Public school in Texas, United States

Dr. Ralph H. Poteet High School is located at 3300 Poteet Drive in Mesquite, in the U.S. state of Texas. It opened in 1986 and is named for a former school superintendent, Dr. Ralph H. Poteet. It is the fourth high school built by the Mesquite Independent School District.

Poteet serves grades 9 through 12. Poteet serves northern portions of Mesquite; the school formerly served parts of Sunnyvale. The school mascot is Patch the Pirate.

One of the things Poteet High School is known for is its band program. The Poteet Pirate Band has consistently made state finals since 1993, won the AAAA UIL State Marching Band title in 1997, 2005, and 2007, and has most recently placed 5th at AAAAA UIL State Marching Band in 2017. The Poteet Honors Band received the title of 2008 TMEA Class 4A Honor Band, the highest honor a concert band can receive in the state of Texas. The band has also received the UIL Sweepstakes Award for 22 consecutive years (every year since the school opened). The Poteet Percussion Ensemble was selected as a showcase performance in Austin at the Percussive Arts Society International Convention in November 2008. Also, in 2009, the band received the Sudler Flag of Honor, an award from the John Philip Sousa Foundation. The band also participated in its 1st BOA competition with BOA DFW in 2018.
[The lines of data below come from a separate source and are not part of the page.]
Lemma alt_binomial_sumS m a :
  alt_binomial_sum m.+1 a = alt_binomial_sum m (fun k => a k - a k.+1).
Proof.
rewrite /alt_binomial_sum big_ord_recl /= bin0 expr0 mul1r.
under eq_bigr => i _ do rewrite /bump /= add1n binS natrD mulrDr mulrDl.
rewrite big_split /= [X in _ + (X + _)]big_ord_recr /= bin_small // mulr0 mul0r addr0.
under [X in _ + (_ + X)]eq_bigr => i _ do rewrite exprS !mulN1r !mulNr.
under [RHS]eq_bigr => i _ do rewrite mulrBr.
rewrite sumrN sumrB [X in _ = X - _]big_ord_recl /= bin0 expr0 !mul1r.
by rewrite addrA.
Qed.

Lemma alt_binomial_sum0 a : alt_binomial_sum 0 a = a 0%N.
Proof. by rewrite /alt_binomial_sum big_ord1 expr0 bin0 !mul1r. Qed.

Lemma eq_alt_binomial_sum m a b : a =1 b -> alt_binomial_sum m a = alt_binomial_sum m b.
Proof. by move=> ab; apply: eq_bigr => k _; rewrite ab. Qed.

Lemma alt_binomial_sumN m a :
  alt_binomial_sum m (fun k => - a k) = - alt_binomial_sum m a.
Proof. by rewrite /alt_binomial_sum -sumrN; apply: eq_bigr => k _; rewrite mulrN. Qed.
End AlternatingBinomialSum.

Section IterLinear.
Variables (K : pzRingType) (W : lmodType K) (F : W -> W).
Hypothesis F_linear : linear F.
HB.instance Definition _ := GRing.isLinear.Build _ _ _ _ F F_linear.

Lemma iter_linearB k u v : iter k F (u - v) = iter k F u - iter k F v.
Proof. by elim: k => //= k ->; rewrite linearB. Qed.
End IterLinear.

Section InnerProduct.
Variables (R : realType) (V : lmodType R[i]) (ip : V -> V -> R[i]).
Hypothesis ip_linear : forall (a : R[i]) x y z, ip (a *: x + y) z = a * ip x z + ip y z.
Hypothesis ipC : forall x y, ip y x = (ip x y)^*.
Hypothesis ip_ge0 : forall x, 0 <= ip x x.
Hypothesis ip_eq0 : forall x, ip x x = 0 -> x = 0.

Lemma ip0l z : ip 0 z = 0.
Proof.
have := ip_linear 1 0 0 z; rewrite scaler0 addr0 mul1r => h.
by apply: (addrI (ip 0 z)); rewrite addr0 -h.
Qed.
(* Let $\eta$ be a nonnegative integer valued random variable with $P(\eta=0)<1$ and let $(p_n)$ be a sequence in $(0,1]$ with $\lim_{n\to\infty}p_n=1$. Consider the auxiliary process on the complete graph $\mathcal{K}_{n+1}$ with survival parameter $p_n$, in which the $\eta_v$ are i.i.d. with the distribution of $\eta$. Then for every $c\in(0,1)$, \[\lim_{n\to\infty}P\big(R(\mathcal{K}_{n+1},p_n)<k_1\big)=0,\qquad\text{where }k_1=k_1(n)=\lfloor cn\rfloor-1.\]
   Context: Auxiliary process on a connected graph $\mathcal{G}=(\mathcal{V},\mathcal{E})$ (here the complete graph $\mathcal{K}_{n+1}$ on $n+1$ vertices, in which a step goes to a uniformly chosen vertex other than the current one) with root $o$ and survival parameter $p$: each $v\neq o$ initially carries $\eta_v$ inactive particles and $o$ carries $1+\eta_o$ active particles (the original particles). At each round $k=1,2,\dots$ exactly one active particle is chosen (by an arbitrary rule) to participate; independently of everything else it survives with probability $p$, in which case it moves to a uniformly chosen neighbouring vertex and activates all inactive particles there, and otherwise it dies and is removed. When the last living original active particle dies, all remaining inactive particles are called extra and a new extra active particle is injected at $o$; afterwards, each time the only living active particle dies, a new extra active particle is injected at $o$. For round $k$ define $X_k=0$ if the participating particle dies; $X_k=1$ if it survives and moves to a previously visited vertex or to a never-visited vertex $v$ with $\eta_v=0$; $X_k=j\geq2$ if it survives and moves to a never-visited vertex $v$ with $\eta_v=j-1$. Set $A'_0=1+\eta_o$, $A'_k=1+\eta_o+\sum_{j=1}^k(X_j-1)$, and $R=R(\mathcal{G},p)=\inf\{k:A'_k=0\}$. *)

From HB Require Import structures.
From mathcomp Require Import all_boot all_order all_algebra.
From mathcomp Require Import all_classical all_reals all_analysis.
Set Implicit Arguments. Unset Strict Implicit. Unset Printing Implicit Defensive.
Import Order.TTheory GRing.Theory Num.Theory.
Import numFieldNormedType.Exports.
Local Open Scope ring_scope.

(* Vertices are 'I_n.+1, the root o is ord0.  A configuration records the
   number of ACTIVE particles at each vertex and the set of visited vertices.
   (On a visited vertex all inactive particles have been activated, so no
   inactive particle remains there; the inactive particles of a never-visited
   vertex v are the eta_v, revealed (sampled from the law of eta,
   independently) when v is first visited.) *)
Section AuxProcess.
Variables (R : realType) (n : nat).
Variable (p : R).
Variable (q : nat -> R).     (* law of eta: q j = P(eta = j) *)

Definition config := ({ffun 'I_n.+1 -> nat} * {set 'I_n.+1})%type.

(* An arbitrary (history dependent, deterministic) rule: given the history of
   configurations (ending with the current one), it proposes a vertex whose
   active particle participates. *)
Definition rule := seq config -> 'I_n.+1.

Definition nactive (s : config) : nat := (\sum_(v < n.+1) s.1 v)%N.

Definition chosen (r : rule) (hist : seq config) (s : config) : 'I_n.+1 :=
  let v := r (rcons hist s) in
  if (0 < s.1 v)%N then v else odflt ord0 [pick u | (0 < s.1 u)%N].

Definition addat (a : {ffun 'I_n.+1 -> nat}) (w : 'I_n.+1) (k : nat) :=
  [ffun u => if u == w then (a u + k)%N else a u].
Definition remat (a : {ffun 'I_n.+1 -> nat}) (v : 'I_n.+1) :=
  [ffun u => if u == v then (a u).-1 else a u].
Poteet was named a 1999-2000 National Blue Ribbon School.

==Standardized dress==
Mesquite ISD decided to adopt standardized dress (similar to a school uniform) for middle and high school students starting with the 2005 to 2006 school year.

==AcDec achievements==
Poteet High School has a notable United States Academic Decathlon (AcDec) team that has advanced to state finals several times.

- The 1997 Poteet AcDec Team advanced to the State Finals in San Antonio, Texas.
- The 2007 Poteet AcDec Team advanced to the State Finals in San Antonio, Texas. They were 16th out of 25 schools.
- The 2015-2016 Poteet AcDec Team advanced to the State Finals.
- The 2016-2017 Poteet AcDec Team advanced to the State Finals in El Paso.

==Notable people==
- Skye Dawson, NFL wide receiver (attended Poteet for 2 years before finishing high school at Dallas Christian School)
- Mekhi Garner, NFL cornerback and current free agent, played at the University of Louisiana at Lafayette and LSU.
- Todd Graham, college football coach (began his coaching career as an assistant at Poteet)
- Malik Jefferson, high school Butkus Award winner and current NFL linebacker.
- Jason Jennings, major league baseball pitcher
- Cam Lampkin, NFL defensive back for the Los Angeles Rams
- Seth McGowan, NFL running back for the Indianapolis Colts
- Louis Moore, NFL safety for the Miami Dolphins
- Zach Woodlee, choreographer

==See also==
- Poteet High School (Poteet, Texas)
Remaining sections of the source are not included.